Fed expected to cut rates 1 more time, then pause
.
WASHINGTON — The Federal Reserve, which began the year aggressively contention a severe influence crunch and economic weakness, may push the pause button after delivering perhaps one more quarter-point cut in premium rates.
Fed Chairman Ben Bernanke and his colleagues began their second day of discussions on Wednesday. Financial markets widely expected that those talks would end with an afternoon announcement that the Fed desire divide a key premium rate by a quarter point.
That would be the seventh reduction in the federal funds rate since the central bank began battling against the regard squeeze and the growing possibility of a recession last September.
The Fed delivered two three-quarter-point moves and some half-point cut over an eight-week period from mid-January to mid-March that represented the central shoal’s most assailing censure cuts in a quarter-century.
However, the central bank is expected to suit with a less aggressive quarter-point actuate at this concourse, in part because the financial turmoil seems to bring forth eased and because in that place are growing concerns about inflation.
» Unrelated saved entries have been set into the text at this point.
Lemma is_derive_comp_mulr phi (c s d : R) :
  is_derive (s * c) 1 phi d -> is_derive s 1 (fun t => phi (t * c)) (c * d).
Proof.
move=> hd; rewrite mulrC.
have lin : is_derive s (1 : R) (fun t : R => t * c) c.
  by apply: is_derive_along (is_derive_id (s * c) c) => t; rewrite [t *: 1]mulr1 mulrDl.
exact: (is_derive1_comp (g := fun t => t * c) hd lin).
Qed.

Lemma is_derive0_le phi (D K c : R) : is_derive (0 : R) (1 : R) phi D ->
  (forall t, 0 < t <= 1 -> phi t - phi 0 <= t * (K + c * t)) -> D <= K.
Proof.
move=> [hd hv] H.
have slope : (fun h : R => h^-1 *: ((phi \o shift 0) (h *: 1) - phi 0)) @ 0^' --> D.
  by rewrite -hv; exact: hd.
have bound : (fun t : R => K + c * t) @ 0^'+ --> K.
  apply: cvg_at_right_filter.
  have : (fun t : R => K + c * t) @ (0 : R) --> K + c * 0.
    by apply: cvgD; [exact: cvg_cst | apply: cvgM; [exact: cvg_cst | exact: cvg_id]].
  by rewrite mulr0 addr0.
apply: (ler_cvg_to (cvg_dnbhs_at_right slope) bound); near=> t.
have t0 : 0 < t by near: t; exact: nbhs_right_gt.
have t1 : t <= 1 by near: t; exact: nbhs_right_le.
rewrite /= [t *: 1]mulr1 addr0 [_ *: _]mulrC ler_pdivrMr // mulrC.
by apply: H; rewrite t0 t1.
Unshelve. all: by end_near.
Qed.

Lemma taylor1_ge phi dphi (M t : R) :
  (forall x : R, is_derive x (1 : R) phi (dphi x)) -> 0 <= t ->
  (forall s, 0 <= s -> - (M * s) <= dphi s - dphi 0) ->
  - (M / 2 * t ^+ 2) <= phi t - phi 0 - t * dphi 0.
Proof.
move=> hd t0 hM.
(* [q] is nondecreasing on [0, t]: its derivative is nonnegative there. *)
pose q := phi - dphi 0 \*: (@id R) + (M / 2) \*: ((@id R) * (@id R)).
have qE s : q s = phi s - dphi 0 * s + M / 2 * (s * s) by [].
have hq (x : R) : is_derive x (1 : R) q (dphi x - dphi 0 + M * x).
  rewrite /q; apply: is_derive_eq.
  by rewrite /GRing.scale /= !mulr1; field.
have [c /andP[]] := MVT_segment t0 (fun x _ => hq x)
  (continuous_subspaceT (derivable1_continuous hq)).
rewrite !bnd_simp => c0 ct E.
have : 0 <= q t - q 0 by rewrite E mulr_ge0 ?subr_ge0 //; have := hM c c0; lra.
rewrite !qE !mul0r !mulr0 expr2; lra.
Qed.

Lemma taylor1_abs_le phi dphi (M t : R) :
  (forall x : R, is_derive x (1 : R) phi (dphi x)) -> 0 <= t ->
  (forall s, 0 <= s -> `|dphi s - dphi 0| <= M * s) ->
  `|phi t - phi 0 - t * dphi 0| <= M / 2 * t ^+ 2.
Proof.
move=> hd t0 hM; rewrite ler_norml; apply/andP; split.
  by apply: taylor1_ge => // s s0; have := hM s s0; rewrite ler_norml => /andP[].
have hdN (x : R) : is_derive x (1 : R) (fun s => - phi s) (- dphi x).
  exact: is_deriveN.
have up s : 0 <= s -> - (M * s) <= - dphi s - - dphi 0.
  by move=> s0; have := hM s s0; rewrite ler_norml => /andP[_]; lra.
have /= := taylor1_ge hdN t0 up; lra.
Qed.
End RealFunctions.

Section EuclideanNorm.
Variable R : realType.

Definition vdot {N : nat} (a b : 'rV[R]_N) : R := \sum_j a 0 j * b 0 j.

Lemma vdot_evec N (l : 'I_N) (b : 'rV[R]_N) : vdot (evec R l) b = b 0 l.
Proof.
rewrite /vdot (bigD1 l) //= big1 => [|j jl]; first by rewrite !mxE !eqxx mul1r addr0.
by rewrite !mxE (negPf jl) andbF mul0r.
Qed.

Lemma vdot0l N (b : 'rV[R]_N) : vdot 0 b = 0.
Proof. by rewrite /vdot big1 // => j _; rewrite mxE mul0r. Qed.

Lemma vdotBr N (a b c : 'rV[R]_N) : vdot a (b - c) = vdot a b - vdot a c.
Proof. by rewrite /vdot -sumrB; apply: eq_bigr => j _; rewrite !mxE mulrBr. Qed.

Lemma vdotNl N (a b : 'rV[R]_N) : vdot (- a) b = - vdot a b.
Proof. by rewrite /vdot -sumrN; apply: eq_bigr => j _; rewrite mxE mulNr. Qed.

Lemma vdotNr N (a b : 'rV[R]_N) : vdot a (- b) = - vdot a b.
Proof. by rewrite /vdot -sumrN; apply: eq_bigr => j _; rewrite mxE mulrN. Qed.

Lemma vdot_row_mx n1 n2 (a c : 'rV[R]_n1) (b d : 'rV[R]_n2) :
  vdot (row_mx a b) (row_mx c d) = vdot a c + vdot b d.
Proof.
by rewrite /vdot big_split_ord /=; congr (_ + _); apply: eq_bigr => j _;
  rewrite ?row_mxEl ?row_mxEr.
Qed.

Lemma enorm_ge0 p q (A : 'M[R]_(p, q)) : 0 <= enorm A.
Proof. exact: sqrtr_ge0. Qed.

Lemma enorm_sqr N (a : 'rV[R]_N) : enorm a ^+ 2 = vdot a a.
Proof.
rewrite /enorm big_ord1 sqr_sqrtr; last by apply: sumr_ge0 => j _; exact: sqr_ge0.
by apply: eq_bigr => j _; rewrite expr2.
Qed.

Lemma enorm_tr N (a : 'rV[R]_N) : enorm a^T = enorm a.
Proof.
rewrite /enorm big_ord1; congr Num.sqrt.
by apply: eq_bigr => j _; rewrite big_ord1 mxE.
Qed.

Lemma enorm_eq N (a b : 'rV[R]_N) :
  (forall j, a 0 j ^+ 2 = b 0 j ^+ 2) -> enorm a = enorm b.
Proof. by move=> ab; rewrite /enorm !big_ord1; congr Num.sqrt; apply: eq_bigr. Qed.

Lemma enormZ N (c : R) (a : 'rV[R]_N) : enorm (c *: a) = `|c| * enorm a.
Proof.
rewrite /enorm !big_ord1 -sqrtr_sqr -sqrtrM ?sqr_ge0 // mulr_sumr.
by congr Num.sqrt; apply: eq_bigr => j _; rewrite mxE exprMn.
Qed.

Lemma enormN N (a : 'rV[R]_N) : enorm (- a) = enorm a.
Proof. by rewrite -scaleN1r enormZ normrN normr1 mul1r. Qed.

Lemma enorm0 N : enorm (0 : 'rV[R]_N) = 0.
Proof. by rewrite -(scale0r 0) enormZ normr0 mul0r. Qed.

Lemma enorm_row_mx n1 n2 (a : 'rV[R]_n1) (b : 'rV[R]_n2) :
  enorm (row_mx a b) ^+ 2 = enorm a ^+ 2 + enorm b ^+ 2.
Proof. by rewrite !enorm_sqr vdot_row_mx. Qed.

Lemma vdot_sqr_le N (a b : 'rV[R]_N) : vdot a b ^+ 2 <= vdot a a * vdot b b.
Proof.
set S := vdot a b; set A := vdot a a; set B := vdot b b.
have quad t : 0 <= A * t ^+ 2 - 2 * S * t + B.
  have -> : A * t ^+ 2 - 2 * S * t + B = vdot (t *: a - b) (t *: a - b).
    rewrite [RHS](_ : _ = \sum_j (a 0 j * a 0 j * t ^+ 2
        - 2 * (a 0 j * b 0 j) * t + b 0 j * b 0 j)).
      by rewrite big_split sumrB /= -!mulr_suml -mulr_sumr.
    by apply: eq_bigr => j _; rewrite !mxE; ring.
  by rewrite -enorm_sqr sqr_ge0.
have A0 : 0 <= A by rewrite /A -enorm_sqr sqr_ge0.
have [Ap|] := ltrP 0 A.
  have := quad (S / A).
  have -> : A * (S / A) ^+ 2 - 2 * S * (S / A) + B = B - S ^+ 2 / A.
    by field; rewrite gt_eqF.
  by rewrite subr_ge0 ler_pdivrMr // mulrC.
move=> A_le0; have A00 : A = 0 by apply/eqP; rewrite eq_le A_le0 A0.
have [->|S0] := eqVneq S 0; first by rewrite expr0n A00 mul0r.
have := quad ((B + 1) / (2 * S)); rewrite A00.
have -> : 0 * ((B + 1) / (2 * S)) ^+ 2 - 2 * S * ((B + 1) / (2 * S)) + B = -1.
  by field.
by rewrite ler0N1.
Qed.

Lemma normr_vdot_le N (a b : 'rV[R]_N) : `|vdot a b| <= enorm a * enorm b.
Proof.
rewrite -ler_sqr ?nnegrE ?mulr_ge0 ?enorm_ge0 // real_normK ?num_real // exprMn !enorm_sqr.
exact: vdot_sqr_le.
Qed.

Lemma normr_le_enorm N (a : 'rV[R]_N) : `|a| <= enorm a.
Proof.
rewrite [leLHS]mx_normrE; apply: bigmax_le; first exact: enorm_ge0.
move=> [i j] _ /=; rewrite (ord1 i) -sqrtr_sqr /enorm big_ord1; apply: ler_wsqrtr.
by rewrite (bigD1 j) //= lerDl; apply: sumr_ge0 => k _; exact: sqr_ge0.
Qed.

End EuclideanNorm.

Lemma continuous_row_mxl (R : realType) p n1 n2 (b : 'M[R]_(p, n2)) :
  continuous (fun a : 'M[R]_(p, n1) => row_mx a b).
Proof.
move=> u A /nbhs_ballP[e /= e0 eA]; apply/nbhs_ballP; exists e => //= v [_ uv].
apply: eA; split => // i j; case: (split_ordP j) => k ->.
  by rewrite !row_mxEl.
by rewrite !row_mxEr; exact: ballxx.
Qed.

Lemma continuous_row_mxr (R : realType) p n1 n2 (a : 'M[R]_(p, n1)) :
  continuous (fun b : 'M[R]_(p, n2) => row_mx a b).
Proof.
move=> u A /nbhs_ballP[e /= e0 eA]; apply/nbhs_ballP; exists e => //= v [_ uv].
apply: eA; split => // i j; case: (split_ordP j) => k ->.
  by rewrite !row_mxEl; exact: ballxx.
by rewrite !row_mxEr.
Qed.

Section DirectionalDerivative.
Variable R : realType.

Lemma is_derive_dirZ (V : normedModType R) (g : V -> R) (x v : V) (c D : R) :
  is_derive x v g D -> is_derive x (c *: v) g (c * D).
Proof.
move=> hd.
have line : is_derive (0 * c) (1 : R) (fun t => g (x + t *: v)) D.
  by rewrite mul0r; apply: is_derive_line; rewrite scale0r addr0.
apply: is_derive_along (is_derive_comp_mulr line) => t.
by rewrite add0r [t *: 1]mulr1 scalerA mulrC.
Qed.

Lemma is_derive_dirD (V : normedModType R) (g : V -> R) (u e : V) (Du De : V -> R) :
  (forall z, is_derive z u g (Du z)) -> (forall z, is_derive z e g (De z)) ->
  continuous De -> forall z, is_derive z (u + e) g (Du z + De z).
Proof.
move=> hu he hc z.
have line p s : is_derive s (1 : R) (fun t => g (p + t *: e)) (De (p + s *: e)).
  by apply: is_derive_line; exact: he.
(* By the MVT on the segment from [z + h *: u] along [e], and continuity of [De]. *)
have slope_e : (fun h : R => h^-1 *: (g (h *: e + (z + h *: u)) - g (z + h *: u)))
    @ 0^' --> De z.
  apply/cvgrPdist_lt => eps eps0.
  have /cvgrPdist_lt/(_ eps eps0)/nbhs_ballP[del del0 Hb] := hc z.
  have K0 : 0 < `|u| + `|e| + 1 by rewrite ltr_wpDl // addr_ge0.
  near=> h.
  have hn0 : h != 0 by near: h; exact: nbhs_dnbhs_neq.
  have hlt : `|h| < del / (`|u| + `|e| + 1).
    by near: h; apply: dnbhs0_lt; exact: divr_gt0.
  have [c [hc1 hc2]] := MVT_any_order 0 h (line (z + h *: u)).
  rewrite !subr0 scale0r addr0 in hc1 hc2.
  rewrite [h *: e + _]addrC hc2 /= [_ *: _]mulrC mulfK //.
  apply: Hb; rewrite -ball_normE /ball_ /= -addrA opprD addrA subrr sub0r normrN.
  apply: le_lt_trans (ler_normD _ _) _; rewrite !normrZ.
  apply: le_lt_trans (_ : _ <= `|h| * (`|u| + `|e| + 1)) _; last by rewrite -ltr_pdivlMr.
  rewrite mulrDr mulrDr mulr1 -addrA lerD2l.
  by apply: le_trans (_ : _ <= `|h| * `|e|) _; [rewrite ler_wpM2r | rewrite lerDl].
have [du dvu] := hu z.
have slope_u : (fun h : R => h^-1 *: ((g \o shift z) (h *: u) - g z)) @ 0^' --> Du z.
  by rewrite -dvu; exact: du.
have E : (fun h : R => h^-1 *: ((g \o shift z) (h *: (u + e)) - g z)) =
  (fun h : R => h^-1 *: (g (h *: e + (z + h *: u)) - g (z + h *: u)) +
   h^-1 *: ((g \o shift z) (h *: u) - g z)).
  apply/funext => h /=; rewrite -scalerDr; congr (_ *: _).
  rewrite [h *: u + z]addrC addrA subrK scalerDr; congr (g _ - _).
  by rewrite [h *: u + _]addrC -addrA [h *: u + z]addrC.
have slope : (fun h : R => h^-1 *: ((g \o shift z) (h *: (u + e)) - g z)) @ 0^'
    --> Du z + De z by rewrite E addrC; exact: cvgD.
by split; [apply/cvg_ex; exists (Du z + De z) | exact: cvg_lim].
Unshelve. all: by end_near.
Qed.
While there is some design that the Fed might decide to forgo a fixed measure cut, most analysts give faith to that the greater likelihood is a quarter-point move.
“My best guess is that they want to buy a little more insurance against an economy that looks like it is in recession,” said Lyle Gramley, a former Fed board member with the Stanford Financial Group.
The overall economy eked wanting annual product at a rate of 0.6 percent in the in the first place three months of the year, the Commerce Department reported Wednesday, matching the anemic pace turned in during the final three months of last year. Analysts said they looked for the gross domestic product to drop into negative territory in the current April-June period.
A quarter-point cut would move the funds defame to 2 percent, more than 3 percentage points below the 5.25 percent funds rate in reality before Sept. 18, when the Fed started satirical rates.
A quarter-point move would trigger a similar reduction in banks’ prime lending rate, the benchmark for millions of consumer and business loans, which now stands at 5.25 percent.
The Fed’s rate-setting Federal Open Market Committee, composed of Fed provision members in Washington and regional Fed bank presidents, is separation into two camps. One group is concerned that the severe credit crisis and prolonged housing slump could be pushing the geographical division into a deep recession while a smaller faction is worried that the Fed could be running the risk of letting inflation get by heart disclosed of control even for the reason that the system slows.